- **Task goal**
Only one portion of the data is to be written out: from the line bearing "(2 * delta_i ^+ 2)^-1 *" through the line bearing "have := weakly_convex_derive_le". Write it exactly as it appears.

(Dataset entries)
-- -- --

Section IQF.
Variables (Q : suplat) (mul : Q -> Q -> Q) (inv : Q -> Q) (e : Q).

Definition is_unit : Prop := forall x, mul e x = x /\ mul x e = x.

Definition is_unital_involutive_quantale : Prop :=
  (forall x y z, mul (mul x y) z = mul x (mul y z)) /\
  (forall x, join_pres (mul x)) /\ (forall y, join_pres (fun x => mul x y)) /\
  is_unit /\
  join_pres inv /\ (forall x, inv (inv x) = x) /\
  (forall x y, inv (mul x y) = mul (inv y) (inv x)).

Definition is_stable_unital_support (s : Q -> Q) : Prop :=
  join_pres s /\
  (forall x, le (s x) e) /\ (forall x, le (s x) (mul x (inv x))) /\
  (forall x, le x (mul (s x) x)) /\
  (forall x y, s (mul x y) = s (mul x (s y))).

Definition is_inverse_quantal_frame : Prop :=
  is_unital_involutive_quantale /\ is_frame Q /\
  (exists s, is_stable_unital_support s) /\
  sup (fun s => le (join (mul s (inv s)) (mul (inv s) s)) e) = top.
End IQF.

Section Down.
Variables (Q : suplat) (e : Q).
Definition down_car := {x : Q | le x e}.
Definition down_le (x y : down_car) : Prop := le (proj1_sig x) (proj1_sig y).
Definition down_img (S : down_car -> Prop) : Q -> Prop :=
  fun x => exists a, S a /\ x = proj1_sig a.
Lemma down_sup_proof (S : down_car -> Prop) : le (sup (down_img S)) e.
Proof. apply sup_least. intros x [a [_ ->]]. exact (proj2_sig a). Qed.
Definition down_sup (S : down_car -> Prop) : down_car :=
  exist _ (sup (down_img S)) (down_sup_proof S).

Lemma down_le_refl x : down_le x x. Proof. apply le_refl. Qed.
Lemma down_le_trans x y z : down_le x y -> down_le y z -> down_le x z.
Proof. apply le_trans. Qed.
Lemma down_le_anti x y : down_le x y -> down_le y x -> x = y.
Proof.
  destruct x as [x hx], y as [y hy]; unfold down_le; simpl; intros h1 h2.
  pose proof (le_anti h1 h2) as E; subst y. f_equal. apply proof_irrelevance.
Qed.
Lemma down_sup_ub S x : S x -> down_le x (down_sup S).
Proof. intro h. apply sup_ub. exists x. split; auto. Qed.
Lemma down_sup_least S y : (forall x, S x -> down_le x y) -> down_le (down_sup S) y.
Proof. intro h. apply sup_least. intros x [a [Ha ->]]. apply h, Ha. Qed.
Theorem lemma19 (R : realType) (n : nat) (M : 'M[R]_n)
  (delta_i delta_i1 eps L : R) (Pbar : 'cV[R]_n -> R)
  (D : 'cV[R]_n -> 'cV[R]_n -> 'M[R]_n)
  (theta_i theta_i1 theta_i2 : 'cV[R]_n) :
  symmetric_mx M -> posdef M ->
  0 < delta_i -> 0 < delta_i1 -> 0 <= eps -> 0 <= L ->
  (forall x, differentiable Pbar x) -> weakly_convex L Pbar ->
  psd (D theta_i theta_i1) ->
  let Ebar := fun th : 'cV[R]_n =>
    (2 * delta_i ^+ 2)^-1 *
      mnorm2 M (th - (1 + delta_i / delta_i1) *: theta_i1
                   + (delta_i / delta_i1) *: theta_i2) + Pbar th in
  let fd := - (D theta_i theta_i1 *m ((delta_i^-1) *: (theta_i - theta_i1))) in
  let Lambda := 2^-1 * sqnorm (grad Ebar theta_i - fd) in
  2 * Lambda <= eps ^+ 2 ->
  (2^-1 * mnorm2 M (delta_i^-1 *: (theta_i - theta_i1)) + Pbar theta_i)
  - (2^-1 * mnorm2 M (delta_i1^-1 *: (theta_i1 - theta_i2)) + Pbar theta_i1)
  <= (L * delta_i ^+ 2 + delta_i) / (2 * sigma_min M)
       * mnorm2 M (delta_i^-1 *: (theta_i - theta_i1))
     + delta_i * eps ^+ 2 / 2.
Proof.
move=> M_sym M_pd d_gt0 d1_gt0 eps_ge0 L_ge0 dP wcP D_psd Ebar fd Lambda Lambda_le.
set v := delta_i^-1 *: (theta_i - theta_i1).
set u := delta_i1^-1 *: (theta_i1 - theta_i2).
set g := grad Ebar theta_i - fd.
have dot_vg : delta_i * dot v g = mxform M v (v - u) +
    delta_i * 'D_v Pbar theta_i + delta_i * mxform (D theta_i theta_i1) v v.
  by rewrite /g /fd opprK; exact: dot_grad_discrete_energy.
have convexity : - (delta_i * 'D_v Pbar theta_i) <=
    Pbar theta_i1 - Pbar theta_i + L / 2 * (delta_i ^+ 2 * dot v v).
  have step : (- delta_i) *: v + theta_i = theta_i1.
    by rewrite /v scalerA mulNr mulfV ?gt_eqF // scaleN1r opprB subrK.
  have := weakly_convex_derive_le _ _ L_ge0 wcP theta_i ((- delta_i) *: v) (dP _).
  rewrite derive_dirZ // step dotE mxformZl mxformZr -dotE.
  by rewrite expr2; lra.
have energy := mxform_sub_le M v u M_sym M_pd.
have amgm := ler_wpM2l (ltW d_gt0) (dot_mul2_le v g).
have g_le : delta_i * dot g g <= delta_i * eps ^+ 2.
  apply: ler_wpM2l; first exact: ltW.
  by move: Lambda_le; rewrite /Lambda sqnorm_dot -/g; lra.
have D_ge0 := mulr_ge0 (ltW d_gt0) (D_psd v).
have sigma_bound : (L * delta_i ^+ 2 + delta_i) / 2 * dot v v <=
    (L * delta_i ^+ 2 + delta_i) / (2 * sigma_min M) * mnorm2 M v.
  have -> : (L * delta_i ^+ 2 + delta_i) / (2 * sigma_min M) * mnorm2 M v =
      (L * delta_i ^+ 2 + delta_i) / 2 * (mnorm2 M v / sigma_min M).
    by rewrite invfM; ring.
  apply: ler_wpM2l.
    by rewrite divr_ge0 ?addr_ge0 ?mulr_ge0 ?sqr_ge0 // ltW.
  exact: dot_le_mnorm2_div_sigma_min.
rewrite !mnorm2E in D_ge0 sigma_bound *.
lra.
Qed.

-- -- --

- **Response to the task**
    (2 * delta_i ^+ 2)^-1 *
      mnorm2 M (th - (1 + delta_i / delta_i1) *: theta_i1
                   + (delta_i / delta_i1) *: theta_i2) + Pbar th in
  let fd := - (D theta_i theta_i1 *m ((delta_i^-1) *: (theta_i - theta_i1))) in
  let Lambda := 2^-1 * sqnorm (grad Ebar theta_i - fd) in
  2 * Lambda <= eps ^+ 2 ->
  (2^-1 * mnorm2 M (delta_i^-1 *: (theta_i - theta_i1)) + Pbar theta_i)
  - (2^-1 * mnorm2 M (delta_i1^-1 *: (theta_i1 - theta_i2)) + Pbar theta_i1)
  <= (L * delta_i ^+ 2 + delta_i) / (2 * sigma_min M)
       * mnorm2 M (delta_i^-1 *: (theta_i - theta_i1))
     + delta_i * eps ^+ 2 / 2.
Proof.
move=> M_sym M_pd d_gt0 d1_gt0 eps_ge0 L_ge0 dP wcP D_psd Ebar fd Lambda Lambda_le.
set v := delta_i^-1 *: (theta_i - theta_i1).
set u := delta_i1^-1 *: (theta_i1 - theta_i2).
set g := grad Ebar theta_i - fd.
have dot_vg : delta_i * dot v g = mxform M v (v - u) +
    delta_i * 'D_v Pbar theta_i + delta_i * mxform (D theta_i theta_i1) v v.
  by rewrite /g /fd opprK; exact: dot_grad_discrete_energy.
have convexity : - (delta_i * 'D_v Pbar theta_i) <=
    Pbar theta_i1 - Pbar theta_i + L / 2 * (delta_i ^+ 2 * dot v v).
  have step : (- delta_i) *: v + theta_i = theta_i1.
    by rewrite /v scalerA mulNr mulfV ?gt_eqF // scaleN1r opprB subrK.
  have := weakly_convex_derive_le _ _ L_ge0 wcP theta_i ((- delta_i) *: v) (dP _).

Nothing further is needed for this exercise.